Measure theoretic description of KL divergence

In this writing, I consider the KL divergence with measure theoretic approach.

 

Suppose $P$ and $Q$ are probability measures on a measurable space $(\mathrm{\Omega },\mathcal{F})$, and $P\ll Q$. That is, $P$ is absolutely continuous with respect to $Q$. (Or, equivalently, $Q$ dominates $P$)

 

KL divergence is defined as below:

$$\begin{array}{rl}{\mathcal{D}}_{KL}(P||Q)& :=E_P[\log \frac{dP}{dQ}]\\ & ={\int }_{\mathrm{\Omega }}\log \frac{dP}{dQ}dP\end{array}$$

If we have density functions for $P$ and $Q$ with respect to Lebesgue measure:

$$\begin{array}{rl}\frac{dP}{d\lambda }& =f\\ \frac{dQ}{d\lambda }& =g\end{array}$$

then the KL divergence can be expressed in the familiar form.

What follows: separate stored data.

(* Let $A=(\alpha_{i,j})$ be an $n\times n$ ($n\ge 2$) symmetric exceptional magic matrix with rational entries, and let $s(A)$ be its common row/column sum. Then there exists a tree $(\mathcal R,\gamma)$ on $\{1,\dots,n\}$ such that $$A=s(A)I+\sum_{T\in\mathcal R}\gamma(T)A(T),$$ with $\gamma(T_0)=\inf\{-\alpha_{i,j}:i\neq j\}$.
   Context: A square matrix is magic if all its row sums and column sums are equal (to $s(A)$). It is exceptional if for every triple $(i,j,k)$ of distinct indices, the maximum of $\alpha_{i,j},\alpha_{j,k},\alpha_{k,i}$ is attained at least twice. $T_0=\{1,\dots,n\}$. A ''species of tree'' is a family $\mathcal R$ of subsets of $T_0$ containing $T_0$, each of cardinality $\ge2$, any two of which are either disjoint or nested. A tree is a pair $(\mathcal R,\gamma)$ with $\mathcal R$ a species of tree and $\gamma:\mathcal R\to\mathbf Q$ with $\gamma(T)>0$ for $T\neq T_0$. For $T$ of cardinality $n(T)\ge2$, $A(T)=(\alpha_{i,j})$ has $\alpha_{i,j}=-1$ if $i\ne j$, $\{i,j\}\subset T$, $\alpha_{i,i}=n(T)-1$ if $i\in T$, $0$ otherwise. $I$ is the identity matrix. *)

From mathcomp Require Import all_boot all_order all_algebra.
Set Implicit Arguments. Unset Strict Implicit. Unset Printing Implicit Defensive.
Import Order.TTheory GRing.Theory Num.Theory.
Local Open Scope ring_scope.

Definition is_magic (n : nat) (A : 'M[rat]_n) (s : rat) : Prop :=
  (forall i : 'I_n, \sum_(j < n) A i j = s) /\
  (forall j : 'I_n, \sum_(i < n) A i j = s).

Definition is_exceptional (n : nat) (A : 'M[rat]_n) : Prop :=
  forall i j k : 'I_n, i != j -> j != k -> k != i ->
    let m := Num.max (A i j) (Num.max (A j k) (A k i)) in
    (2 <= (A i j == m) + (A j k == m) + (A k i == m))%N.

(* species of tree on T0 = setT *)
Definition is_species (n : nat) (R : {set {set 'I_n}}) : Prop :=
  [set: 'I_n] \in R /\
  (forall T, T \in R -> (2 <= #|T|)%N) /\
  (forall T U, T \in R -> U \in R ->
     [disjoint T & U] \/ T \subset U \/ U \subset T).

Definition is_tree (n : nat) (R : {set {set 'I_n}}) (gamma : {set 'I_n} -> rat)
  : Prop :=
  is_species R /\ (forall T, T \in R -> T != [set: 'I_n] -> 0 < gamma T).

Definition AT (n : nat) (T : {set 'I_n}) : 'M[rat]_n :=
  \matrix_(i, j)
    if i == j then (if i \in T then #|T|%:R - 1 else 0)
    else if (i \in T) && (j \in T) then -1 else 0.

From mathcomp Require Import all_boot all_order all_algebra.
Import Order.TTheory GRing.Theory Num.Theory.
Local Open Scope ring_scope.
Set Implicit Arguments. Unset Strict Implicit. Unset Printing Implicit Defensive.

(* Put d := -A. Exceptionality says that in every triangle the minimum of d is
   attained twice, so for each threshold t the relation "x = y or t <= d x y"
   is an equivalence. Its classes, taken at the successive distinct values
   v_0 < v_1 < ... of d, form a laminar family of blocks containing T0 (at v_0).
   Giving a block the sum of the gaps v_k - v_(k-1) over the levels k at which
   it is a class, the blocks containing i and j receive in total exactly the
   gaps of the levels v_k <= d i j, i.e. d i j. This fixes the off-diagonal
   entries; the diagonal follows since every A(T) has zero row sums and A is
   magic. *)

Section Hierarchy.

Variables (R : realDomainType) (T : finType) (d : T -> T -> R).
Hypothesis dC : forall x y, d x y = d y x.
Hypothesis d_min : forall x y z, x != y -> y != z -> z != x ->
  Num.min (d x y) (d y z) <= d z x.

Definition linked (t : R) (x y : T) := (x == y) || (t <= d x y).

Lemma linked_refl t x : linked t x x.
Proof. by rewrite /linked eqxx. Qed.

Lemma linked_sym t x y : linked t x y = linked t y x.
Proof. by rewrite /linked eq_sym dC. Qed.

Lemma linked_trans t x y z : linked t x y -> linked t y z -> linked t x z.
Proof.
rewrite /linked; have [-> //|xy] := eqVneq x y.
have [<-|yz] := eqVneq y z; first by rewrite (negbTE xy).
have [//|xz] := eqVneq x z; rewrite /= [d x z]dC => txy tyz.
by rewrite (le_trans _ (d_min xy yz _)) 1?eq_sym // le_min txy.
Qed.

Definition block t a : {set T} := [set y | linked t a y].

Lemma block_id t a : a \in block t a.
Proof. by rewrite inE linked_refl. Qed.

Lemma block_eq t a x : x \in block t a -> block t a = block t x.
Proof.
rewrite inE => ax; apply/setP => y; rewrite !inE.
by apply/idP/idP => h; apply: linked_trans h; rewrite // linked_sym.
Qed.

Lemma block_antimono t t' a : t <= t' -> block t' a \subset block t a.
Proof.
move=> tt'; apply/subsetP => y; rewrite !inE /linked => /orP[-> //|h].
by rewrite (le_trans tt' h) orbT.
Qed.

Lemma block_laminar t t' a b : t <= t' ->
  [disjoint block t a & block t' b] \/ block t' b \subset block t a.
Proof.
move=> tt'; have [|/pred0Pn[x /andP[xa xb]]] := boolP [disjoint _ & _]; first by left.
by right; rewrite (block_eq xb) (block_eq xa) block_antimono.
Qed.

Definition levels : seq R :=
  sort <=%O (undup [seq d p.1 p.2 | p <- enum [pred p : T * T | p.1 != p.2]]).

Lemma levels_sorted : sorted <%O levels.
Proof. by rewrite sort_lt_sorted undup_uniq. Qed.

Lemma mem_levels i j : i != j -> d i j \in levels.
Proof.
by move=> ij; rewrite mem_sort mem_undup; apply/mapP; exists (i, j); rewrite ?mem_enum.
Qed.

Lemma levelsP x : x \in levels -> exists i j, i != j /\ x = d i j.
Proof.
by rewrite mem_sort mem_undup => /mapP[[i j]]; rewrite mem_enum => ij ->; exists i, j.
Qed.

Lemma leq_levels k l : (k < size levels)%N -> (l < size levels)%N ->
  (levels`_k <= levels`_l) = (k <= l)%N.
Proof. by move=> hk hl; rewrite (lt_sorted_leq_nth 0 levels_sorted). Qed.

Lemma ltn_levels k l : (k < size levels)%N -> (l < size levels)%N ->
  (levels`_k < levels`_l) = (k < l)%N.
Proof. by move=> hk hl; rewrite (lt_sorted_ltn_nth 0 levels_sorted). Qed.

Definition level_block k a := block levels`_k a.

Definition is_level_block k (B : {set T}) := [exists a, level_block k a == B].

Definition hierarchy : {set {set T}} :=
  [set B | [exists k : 'I_(size levels), is_level_block k B] && (1 < #|B|)%N].

(* The gap of level 0 is v_0 itself, which becomes the weight of T0. *)
Definition level_gap k := levels`_k - (if k is k'.+1 then levels`_k' else 0).

Definition weight (B : {set T}) : R :=
  \sum_(k < size levels | is_level_block k B) level_gap k.

Lemma level_gap_gt0 k : (0 < k)%N -> (k < size levels)%N -> 0 < level_gap k.
Proof.
by case: k => // k _ kN; rewrite subr_gt0 ltn_levels // ltnW.
Qed.

Lemma sum_level_gap p : \sum_(k < p.+1) level_gap k = levels`_p.
Proof.
elim: p => [|p IH]; first by rewrite big_ord1 /level_gap subr0.
by rewrite big_ord_recr /= IH /level_gap addrC subrK.
Qed.

Lemma mem_level_block k i j :
  (j \in level_block k i) = (i == j) || (levels`_k <= d i j).
Proof. by rewrite inE. Qed.

Lemma level_block_in_hierarchy (k : 'I_(size levels)) i j :
  i != j -> j \in level_block k i -> level_block k i \in hierarchy.
Proof.
move=> ij jB; rewrite inE; apply/andP; split.
  by apply/existsP; exists k; apply/existsP; exists i.
rewrite (leq_trans _ (subset_leq_card (_ : [set i; j] \subset _))) ?cards2 ?ij //.
by apply/subsetP => x /set2P[]->; rewrite ?block_id.
Qed.

Lemma level_blocks_pair (k : 'I_(size levels)) i j : i != j ->
  \sum_(B in hierarchy | (i \in B) && (j \in B) && is_level_block k B) level_gap k
  = if levels`_k <= d i j then level_gap k else 0.
Proof.
move=> ij; have Bi B : is_level_block k B -> i \in B -> B = level_block k i.
  by case/existsP=> a /eqP <- /block_eq.
case: ifP => hk.
  have jB : j \in level_block k i by rewrite mem_level_block hk orbT.
  rewrite (bigD1 (level_block k i)) /=; last first.
    by rewrite (level_block_in_hierarchy ij jB) block_id jB; apply/existsP; exists i.
  rewrite big1 ?addr0 // => B /andP[/and3P[_ /andP[iB _] kB] nB].
  by rewrite -(Bi B) ?eqxx in nB.
rewrite big1 // => B /and3P[_ /andP[iB jB] kB].
by move: jB; rewrite (Bi B) // mem_level_block (negbTE ij) hk.
Qed.

Lemma sum_weight_pair i j : i != j ->
  \sum_(B in hierarchy | (i \in B) && (j \in B)) weight B = d i j.
Proof.
move=> ij; transitivity
    (\sum_(k < size levels) if levels`_k <= d i j then level_gap k else 0).
  rewrite /weight (exchange_big_dep predT) //=; apply: eq_bigr => k _.
  by rewrite -level_blocks_pair //; apply: eq_bigl => B; rewrite !andbA.
have dij := mem_levels ij; have pN : (index (d i j) levels < size levels)%N.
  by rewrite index_mem.
rewrite -[RHS](nth_index 0 dij) -sum_level_gap (big_ord_widen _ _ pN) -big_mkcond /=.
by apply: eq_bigl => k; rewrite -{1}(nth_index 0 dij) leq_levels.
Qed.

Lemma levels0_le i j : i != j -> levels`_0 <= d i j.
Proof.
move=> ij; have dij := mem_levels ij.
have pN : (index (d i j) levels < size levels)%N by rewrite index_mem.
by rewrite -(nth_index 0 dij) leq_levels // (leq_ltn_trans _ pN).
Qed.

Lemma level_block0 a : level_block 0 a = setT.
Proof.
by apply/setP => y; rewrite mem_level_block inE; case: eqVneq => // ay; apply: levels0_le.
Qed.

Lemma weight_gt0 B : B \in hierarchy -> B != setT -> 0 < weight B.
Proof.
rewrite inE => /andP[/existsP[k kB] _] nBT.
have notT l : is_level_block l B -> (0 < l)%N.
  rewrite lt0n; apply: contraTneq => ->; apply/existsP => -[a /eqP eB].
  by rewrite -eB level_block0 eqxx in nBT.
rewrite /weight (bigD1 k) //= ltr_pwDl ?level_gap_gt0 ?notT ?ltn_ord //.
by apply: sumr_ge0 => l /andP[lB _]; rewrite ltW ?level_gap_gt0 ?notT.
Qed.

Lemma hierarchy_laminar B C : B \in hierarchy -> C \in hierarchy ->
  [disjoint B & C] \/ B \subset C \/ C \subset B.
Proof.
rewrite !inE => /andP[/existsP[k /existsP[a /eqP <-]] _].
move=> /andP[/existsP[l /existsP[b /eqP <-]] _].
have [kl|lk] := leqP k l.
  by case: (block_laminar a b (_ : levels`_k <= levels`_l));
    [rewrite leq_levels | left | right; right].
case: (block_laminar b a (_ : levels`_l <= levels`_k));
  [by rewrite leq_levels // ltnW | by rewrite disjoint_sym; left | by right; left].
Qed.

Lemma card_hierarchy B : B \in hierarchy -> (1 < #|B|)%N.
Proof. by rewrite inE => /andP[]. Qed.

Section NonTrivial.

Variables x0 x1 : T.
Hypothesis x01 : x0 != x1.

Lemma size_levels_gt0 : (0 < size levels)%N.
Proof. by have := mem_levels x01; case: levels. Qed.

Lemma levels0_attained : exists i j, i != j /\ levels`_0 = d i j.
Proof. by apply: levelsP; rewrite mem_nth // size_levels_gt0. Qed.

Lemma is_level_block0 B : is_level_block 0 B = (B == setT).
Proof.
by apply/existsP/eqP => [[a /eqP <-]|->]; [|exists x0]; rewrite level_block0.
Qed.

Lemma is_level_blockT k : (k < size levels)%N -> is_level_block k setT = (k == 0)%N.
Proof.
move=> kN; case: k kN => [|k] kN; first by rewrite is_level_block0 eqxx.
apply/negbTE/existsP => -[a /eqP eT].
have [i [j [ij e0]]] := levels0_attained.
have iB : i \in level_block k.+1 a by rewrite eT inE.
have : j \in level_block k.+1 i.
  by rewrite /level_block -(block_eq iB) -/(level_block _ a) eT inE.
by rewrite mem_level_block (negbTE ij) -e0 leq_levels ?size_levels_gt0.
Qed.

Lemma setT_in_hierarchy : setT \in hierarchy.
Proof.
rewrite inE; apply/andP; split; last by apply/card_gt1P; exists x0, x1.
apply/existsP; exists (Ordinal size_levels_gt0); by rewrite is_level_block0.
Qed.

Lemma weightT : weight setT = levels`_0.
Proof.
rewrite /weight (bigD1 (Ordinal size_levels_gt0)) ?is_level_block0 //= /level_gap subr0.
rewrite big1 ?addr0 // => k /andP[]; rewrite is_level_blockT // => /eqP k0.
by apply: contraNeq => _; apply/eqP/val_inj.
Qed.

End NonTrivial.

End Hierarchy.

Lemma exceptional_min n (A : 'M[rat]_n) : is_exceptional A ->
  forall x y z, x != y -> y != z -> z != x ->
  Num.min (- A x y) (- A y z) <= - A z x.
Proof.
move=> Aexc x y z xy yz zx; rewrite -oppr_max lerN2 leNgt; apply/negP => zx_max.
have /= := Aexc _ _ _ xy yz zx.
have [xy_lt yz_lt] : A x y < A z x /\ A y z < A z x.
  by move: zx_max; rewrite gt_max => /andP.
rewrite (@max_r _ _ (A y z)) ?ltW // max_r ?ltW //.
by rewrite eqxx (lt_eqF xy_lt) (lt_eqF yz_lt).
Qed.

Lemma AT_offdiag n (B : {set 'I_n}) i j : i != j ->
  AT B i j = if (i \in B) && (j \in B) then -1 else 0.
Proof. by move=> ij; rewrite mxE (negbTE ij). Qed.

Lemma AT_row_sum n (B : {set 'I_n}) i : \sum_j AT B i j = 0.
Proof.
rewrite (bigD1 i) //= mxE eqxx.
under eq_bigr => j ji do rewrite AT_offdiag 1?eq_sym //.
case: (boolP (i \in B)) => iB /=; last by rewrite big1 ?addr0.
rewrite -big_mkcondr /= sumr_const (cardD1 i B) iB /=.
have -> : #|[pred j | (j != i) && (j \in B)]| = #|[predD1 B & i]| by apply: eq_card.
by rewrite add1n mulNrn -addn1 natrD addrK subrr.
Qed.

Lemma row_sum_scalar_mx (R : pzRingType) n (a : R) (i : 'I_n) :
  \sum_j (a%:M : 'M_n) i j = a.
Proof.
rewrite (bigD1 i) //= big1 => [|j ji]; first by rewrite mxE eqxx mulr1n addr0.
by rewrite mxE eq_sym (negbTE ji) mulr0n.
Qed.

Lemma matrixP_offdiag_row_sum (R : zmodType) n (M M' : 'M[R]_n) :
  (forall i j, i != j -> M i j = M' i j) ->
  (forall i, \sum_j M i j = \sum_j M' i j) -> M = M'.
Proof.
move=> offdiag rows; apply/matrixP => i j.
have [<-|] := eqVneq i j; last exact: offdiag.
have := rows i; rewrite (bigD1 i) //= [in RHS](bigD1 i) //=.
by rewrite (eq_bigr (M' i)) => [/addIr|k ki]; last by rewrite offdiag 1?eq_sym.
Qed.

Section TreeMatrix.

Variables (n : nat) (H : {set {set 'I_n}}) (g : {set 'I_n} -> rat).

Lemma tree_mx_offdiag i j : i != j ->
  (\sum_(B in H) g B *: AT B) i j = - \sum_(B in H | (i \in B) && (j \in B)) g B.
Proof.
move=> ij; rewrite summxE big_mkcondr -sumrN; apply: eq_bigr => B _.
by rewrite mxE AT_offdiag //; case: ifP; rewrite ?mulrN1 ?mulr0 ?oppr0.
Qed.

Lemma tree_mx_row_sum i : \sum_j (\sum_(B in H) g B *: AT B) i j = 0.
Proof.
under eq_bigr do rewrite summxE.
rewrite exchange_big big1 // => B _.
by under eq_bigr do rewrite mxE; rewrite -mulr_sumr AT_row_sum mulr0.
Qed.

End TreeMatrix.

Theorem mainTheorem6 (n : nat) (A : 'M[rat]_n) (s : rat) :
  (2 <= n)%N ->
  A^T = A ->
  is_exceptional A ->
  is_magic A s ->
  exists (R : {set {set 'I_n}}) (gamma : {set 'I_n} -> rat),
    is_tree R gamma /\
    A = s%:M + \sum_(T in R) gamma T *: AT T /\
    (forall i j : 'I_n, i != j -> gamma [set: 'I_n] <= - A i j) /\
    (exists i j : 'I_n, i != j /\ gamma [set: 'I_n] = - A i j).
Proof.
move=> n2 Asym Aexc [rowsA _].
pose d i j := - A i j.
have dC i j : d i j = d j i by rewrite /d -{1}Asym mxE.
have d_min := exceptional_min Aexc.
have i01 : Ordinal (ltnW n2) != Ordinal n2 by [].
exists (hierarchy d), (weight d).
split; last split; last split.
- split; first split; [exact: setT_in_hierarchy i01 | split|].
  + exact: card_hierarchy.
  + exact: hierarchy_laminar.
  + exact: weight_gt0.
- apply: matrixP_offdiag_row_sum => [i j ij|i].
    by rewrite !mxE (negbTE ij) mulr0n add0r tree_mx_offdiag // sum_weight_pair // opprK.
  under [RHS]eq_bigr do rewrite mxE.
  by rewrite big_split /= row_sum_scalar_mx tree_mx_row_sum addr0 rowsA.
- by rewrite (weightT dC d_min i01); exact: levels0_le.
- by rewrite (weightT dC d_min i01); exact: levels0_attained i01.
Qed.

$$\begin{array}{rl}{\mathcal{D}}_{KL}(P||Q)& ={\int }_{\mathrm{\Omega }}\log \frac{dP}{dQ}dP\\ & ={\int }_{\mathrm{\Omega }}\log \frac{\frac{dP}{d\lambda }}{\frac{dQ}{d\lambda }}\frac{dP}{d\lambda }d\lambda \\ & ={\int }_{\mathrm{\Omega }}(\log \frac{f}{g})fd\lambda \end{array}$$

Just to be clear, $dP=P(d\omega )$, $dQ=Q(d\omega )$, and $d\lambda =\lambda (d\omega )$.

Since the Lebesgue measure is defined over a real interval, for the last expression, $\mathrm{\Omega }=\mathbb{R}\cap [\text{some interval}]$.